In the material below, the lines to repeat exactly run from the one containing "case: (hconf e) => [ce0|/cost_lt/ltW //]." to the very last line, both included.

Source data:

* * *

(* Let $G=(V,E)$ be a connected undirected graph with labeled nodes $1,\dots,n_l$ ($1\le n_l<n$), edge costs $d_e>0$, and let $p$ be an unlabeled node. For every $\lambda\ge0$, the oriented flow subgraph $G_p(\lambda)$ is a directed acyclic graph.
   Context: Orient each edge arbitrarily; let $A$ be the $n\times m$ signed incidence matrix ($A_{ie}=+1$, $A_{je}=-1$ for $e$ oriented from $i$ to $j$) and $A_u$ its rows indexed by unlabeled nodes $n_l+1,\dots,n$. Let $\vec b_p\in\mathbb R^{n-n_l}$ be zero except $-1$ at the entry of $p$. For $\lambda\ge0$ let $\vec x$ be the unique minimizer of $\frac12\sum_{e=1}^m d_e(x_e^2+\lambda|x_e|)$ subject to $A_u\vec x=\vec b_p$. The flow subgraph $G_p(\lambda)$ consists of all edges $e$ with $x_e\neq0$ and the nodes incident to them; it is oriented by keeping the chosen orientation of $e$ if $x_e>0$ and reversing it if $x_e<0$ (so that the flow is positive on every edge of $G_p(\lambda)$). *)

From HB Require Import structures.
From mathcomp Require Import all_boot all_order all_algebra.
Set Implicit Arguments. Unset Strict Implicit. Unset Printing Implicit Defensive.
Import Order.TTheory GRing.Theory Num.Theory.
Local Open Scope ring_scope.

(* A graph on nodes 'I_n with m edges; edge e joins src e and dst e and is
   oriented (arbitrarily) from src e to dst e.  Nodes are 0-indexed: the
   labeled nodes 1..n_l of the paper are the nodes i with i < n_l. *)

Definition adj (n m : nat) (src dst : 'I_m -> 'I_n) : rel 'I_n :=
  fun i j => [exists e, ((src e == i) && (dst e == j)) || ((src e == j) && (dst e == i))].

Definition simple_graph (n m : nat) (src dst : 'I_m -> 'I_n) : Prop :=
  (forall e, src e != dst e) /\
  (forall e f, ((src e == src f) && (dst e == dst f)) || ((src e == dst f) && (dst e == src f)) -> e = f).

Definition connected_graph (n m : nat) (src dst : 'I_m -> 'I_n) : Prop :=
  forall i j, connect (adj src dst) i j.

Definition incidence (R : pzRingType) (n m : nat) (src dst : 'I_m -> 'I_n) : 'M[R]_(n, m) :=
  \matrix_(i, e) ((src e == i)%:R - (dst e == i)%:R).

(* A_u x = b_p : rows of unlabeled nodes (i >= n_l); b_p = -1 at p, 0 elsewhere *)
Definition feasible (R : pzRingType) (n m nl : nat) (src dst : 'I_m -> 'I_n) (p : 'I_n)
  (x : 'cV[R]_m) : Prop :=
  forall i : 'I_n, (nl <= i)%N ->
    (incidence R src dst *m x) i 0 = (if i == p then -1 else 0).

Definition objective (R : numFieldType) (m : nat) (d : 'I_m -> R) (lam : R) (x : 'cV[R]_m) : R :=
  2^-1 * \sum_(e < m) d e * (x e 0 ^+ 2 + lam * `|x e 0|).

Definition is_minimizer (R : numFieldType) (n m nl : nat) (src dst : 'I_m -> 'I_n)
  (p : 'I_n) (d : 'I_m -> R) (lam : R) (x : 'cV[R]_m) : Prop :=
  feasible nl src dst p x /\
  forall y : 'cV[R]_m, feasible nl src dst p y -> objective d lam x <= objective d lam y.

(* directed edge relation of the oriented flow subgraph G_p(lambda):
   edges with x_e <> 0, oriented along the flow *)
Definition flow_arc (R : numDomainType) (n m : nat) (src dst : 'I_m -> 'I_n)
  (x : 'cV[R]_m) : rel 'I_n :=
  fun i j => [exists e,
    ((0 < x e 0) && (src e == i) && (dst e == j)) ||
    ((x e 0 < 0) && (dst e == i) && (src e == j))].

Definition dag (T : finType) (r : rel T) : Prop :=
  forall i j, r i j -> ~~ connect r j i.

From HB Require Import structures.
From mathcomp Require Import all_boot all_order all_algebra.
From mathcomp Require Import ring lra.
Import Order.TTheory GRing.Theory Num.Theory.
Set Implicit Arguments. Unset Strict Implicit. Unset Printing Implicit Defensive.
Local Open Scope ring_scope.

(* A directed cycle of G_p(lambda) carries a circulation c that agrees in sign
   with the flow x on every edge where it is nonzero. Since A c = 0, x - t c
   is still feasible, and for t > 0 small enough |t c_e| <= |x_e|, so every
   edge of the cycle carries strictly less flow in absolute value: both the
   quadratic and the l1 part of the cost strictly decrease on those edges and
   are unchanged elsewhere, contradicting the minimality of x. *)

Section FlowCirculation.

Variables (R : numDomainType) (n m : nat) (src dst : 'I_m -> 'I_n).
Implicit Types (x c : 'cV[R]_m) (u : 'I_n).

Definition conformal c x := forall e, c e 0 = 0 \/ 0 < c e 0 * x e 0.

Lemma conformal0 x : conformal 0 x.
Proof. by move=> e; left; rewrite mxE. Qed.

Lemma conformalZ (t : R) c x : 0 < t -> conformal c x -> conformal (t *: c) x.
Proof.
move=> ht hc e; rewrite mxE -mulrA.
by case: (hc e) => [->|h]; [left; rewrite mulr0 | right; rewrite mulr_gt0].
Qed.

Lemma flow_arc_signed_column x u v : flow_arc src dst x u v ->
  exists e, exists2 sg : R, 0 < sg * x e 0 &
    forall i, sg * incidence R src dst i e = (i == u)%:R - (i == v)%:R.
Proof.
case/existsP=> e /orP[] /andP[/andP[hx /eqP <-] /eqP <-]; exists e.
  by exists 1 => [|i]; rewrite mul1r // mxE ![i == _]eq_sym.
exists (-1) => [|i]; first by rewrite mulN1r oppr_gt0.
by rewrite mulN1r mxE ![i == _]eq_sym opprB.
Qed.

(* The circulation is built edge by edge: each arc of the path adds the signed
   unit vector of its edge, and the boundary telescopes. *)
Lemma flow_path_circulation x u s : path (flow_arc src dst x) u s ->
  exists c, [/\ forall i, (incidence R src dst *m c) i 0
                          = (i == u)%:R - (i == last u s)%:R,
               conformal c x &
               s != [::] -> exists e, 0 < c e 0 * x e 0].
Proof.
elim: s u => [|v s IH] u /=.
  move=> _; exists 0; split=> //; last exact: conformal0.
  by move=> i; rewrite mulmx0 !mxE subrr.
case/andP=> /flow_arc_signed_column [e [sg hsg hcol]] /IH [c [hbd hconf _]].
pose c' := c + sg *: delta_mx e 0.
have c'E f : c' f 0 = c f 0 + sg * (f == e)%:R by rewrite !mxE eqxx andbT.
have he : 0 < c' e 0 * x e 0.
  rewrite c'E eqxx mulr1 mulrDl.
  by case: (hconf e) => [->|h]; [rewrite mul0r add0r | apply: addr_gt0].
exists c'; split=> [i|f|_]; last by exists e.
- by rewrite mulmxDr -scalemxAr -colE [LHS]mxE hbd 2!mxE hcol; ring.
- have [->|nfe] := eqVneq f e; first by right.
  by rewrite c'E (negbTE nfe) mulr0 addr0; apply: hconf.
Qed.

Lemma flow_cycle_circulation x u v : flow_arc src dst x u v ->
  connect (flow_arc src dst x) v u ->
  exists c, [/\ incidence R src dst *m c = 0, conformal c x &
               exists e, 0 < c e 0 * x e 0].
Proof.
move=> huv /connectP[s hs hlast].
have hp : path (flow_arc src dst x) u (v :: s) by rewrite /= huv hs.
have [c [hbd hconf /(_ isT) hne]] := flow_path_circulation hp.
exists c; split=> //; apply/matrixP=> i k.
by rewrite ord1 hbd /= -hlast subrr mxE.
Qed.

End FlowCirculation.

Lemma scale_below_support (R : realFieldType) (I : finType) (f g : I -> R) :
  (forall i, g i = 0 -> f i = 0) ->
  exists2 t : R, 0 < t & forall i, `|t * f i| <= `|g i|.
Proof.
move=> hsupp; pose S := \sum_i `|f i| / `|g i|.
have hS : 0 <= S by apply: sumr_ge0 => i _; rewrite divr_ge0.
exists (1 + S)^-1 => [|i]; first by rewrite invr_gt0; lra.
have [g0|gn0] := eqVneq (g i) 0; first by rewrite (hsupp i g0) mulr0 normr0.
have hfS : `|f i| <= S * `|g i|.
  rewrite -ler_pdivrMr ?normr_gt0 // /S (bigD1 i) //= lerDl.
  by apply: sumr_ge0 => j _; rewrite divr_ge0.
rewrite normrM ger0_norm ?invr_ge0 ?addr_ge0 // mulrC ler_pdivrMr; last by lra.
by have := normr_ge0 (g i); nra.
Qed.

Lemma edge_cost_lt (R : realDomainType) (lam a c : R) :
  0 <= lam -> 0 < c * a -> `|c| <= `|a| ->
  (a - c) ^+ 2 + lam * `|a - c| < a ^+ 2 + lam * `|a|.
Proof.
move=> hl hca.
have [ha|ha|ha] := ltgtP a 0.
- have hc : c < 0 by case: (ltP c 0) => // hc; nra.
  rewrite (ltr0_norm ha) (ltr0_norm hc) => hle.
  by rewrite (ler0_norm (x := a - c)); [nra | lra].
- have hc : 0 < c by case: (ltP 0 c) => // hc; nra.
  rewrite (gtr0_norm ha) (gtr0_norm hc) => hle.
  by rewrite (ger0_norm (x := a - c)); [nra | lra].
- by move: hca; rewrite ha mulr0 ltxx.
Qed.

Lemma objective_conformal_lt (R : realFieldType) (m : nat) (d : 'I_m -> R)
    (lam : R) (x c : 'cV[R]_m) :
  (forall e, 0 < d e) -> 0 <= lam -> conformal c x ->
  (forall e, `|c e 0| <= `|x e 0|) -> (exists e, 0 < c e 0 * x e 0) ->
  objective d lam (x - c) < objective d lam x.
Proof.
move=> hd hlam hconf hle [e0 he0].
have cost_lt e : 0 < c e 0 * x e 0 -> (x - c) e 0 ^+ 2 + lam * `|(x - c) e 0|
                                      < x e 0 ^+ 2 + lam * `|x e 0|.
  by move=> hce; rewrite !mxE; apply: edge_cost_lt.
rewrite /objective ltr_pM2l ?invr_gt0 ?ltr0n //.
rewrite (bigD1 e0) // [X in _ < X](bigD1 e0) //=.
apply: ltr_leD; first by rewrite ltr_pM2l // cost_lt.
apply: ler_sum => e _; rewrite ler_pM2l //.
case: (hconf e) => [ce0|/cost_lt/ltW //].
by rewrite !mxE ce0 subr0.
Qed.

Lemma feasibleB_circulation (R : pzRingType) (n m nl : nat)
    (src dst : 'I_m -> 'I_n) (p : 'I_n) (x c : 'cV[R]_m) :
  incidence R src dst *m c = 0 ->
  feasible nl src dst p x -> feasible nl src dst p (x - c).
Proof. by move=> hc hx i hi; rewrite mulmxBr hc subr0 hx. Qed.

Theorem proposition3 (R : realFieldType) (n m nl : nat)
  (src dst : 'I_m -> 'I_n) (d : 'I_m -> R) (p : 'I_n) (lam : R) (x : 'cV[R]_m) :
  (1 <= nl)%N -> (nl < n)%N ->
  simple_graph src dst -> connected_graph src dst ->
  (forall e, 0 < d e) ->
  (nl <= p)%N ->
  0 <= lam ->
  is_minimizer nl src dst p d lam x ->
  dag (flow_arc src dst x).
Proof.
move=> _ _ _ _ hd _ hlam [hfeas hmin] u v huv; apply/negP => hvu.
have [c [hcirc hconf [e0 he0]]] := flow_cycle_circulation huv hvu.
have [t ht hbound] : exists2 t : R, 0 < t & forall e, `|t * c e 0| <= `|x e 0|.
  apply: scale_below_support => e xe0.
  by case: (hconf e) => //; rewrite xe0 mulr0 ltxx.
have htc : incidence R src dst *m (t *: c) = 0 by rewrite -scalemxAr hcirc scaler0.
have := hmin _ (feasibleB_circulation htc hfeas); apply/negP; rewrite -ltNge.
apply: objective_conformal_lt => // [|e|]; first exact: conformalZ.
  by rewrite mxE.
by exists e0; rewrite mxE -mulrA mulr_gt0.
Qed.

* * *

Result:
case: (hconf e) => [ce0|/cost_lt/ltW //].
by rewrite !mxE ce0 subr0.
Qed.

Lemma feasibleB_circulation (R : pzRingType) (n m nl : nat)
    (src dst : 'I_m -> 'I_n) (p : 'I_n) (x c : 'cV[R]_m) :
  incidence R src dst *m c = 0 ->
  feasible nl src dst p x -> feasible nl src dst p (x - c).
Proof. by move=> hc hx i hi; rewrite mulmxBr hc subr0 hx. Qed.

Theorem proposition3 (R : realFieldType) (n m nl : nat)
  (src dst : 'I_m -> 'I_n) (d : 'I_m -> R) (p : 'I_n) (lam : R) (x : 'cV[R]_m) :
  (1 <= nl)%N -> (nl < n)%N ->
  simple_graph src dst -> connected_graph src dst ->
  (forall e, 0 < d e) ->
  (nl <= p)%N ->
  0 <= lam ->
  is_minimizer nl src dst p d lam x ->
  dag (flow_arc src dst x).
Proof.
move=> _ _ _ _ hd _ hlam [hfeas hmin] u v huv; apply/negP => hvu.
have [c [hcirc hconf [e0 he0]]] := flow_cycle_circulation huv hvu.
have [t ht hbound] : exists2 t : R, 0 < t & forall e, `|t * c e 0| <= `|x e 0|.
  apply: scale_below_support => e xe0.
  by case: (hconf e) => //; rewrite xe0 mulr0 ltxx.
have htc : incidence R src dst *m (t *: c) = 0 by rewrite -scalemxAr hcirc scaler0.
have := hmin _ (feasibleB_circulation htc hfeas); apply/negP; rewrite -ltNge.
apply: objective_conformal_lt => // [|e|]; first exact: conformalZ.
  by rewrite mxE.
by exists e0; rewrite mxE -mulrA mulr_gt0.
Qed.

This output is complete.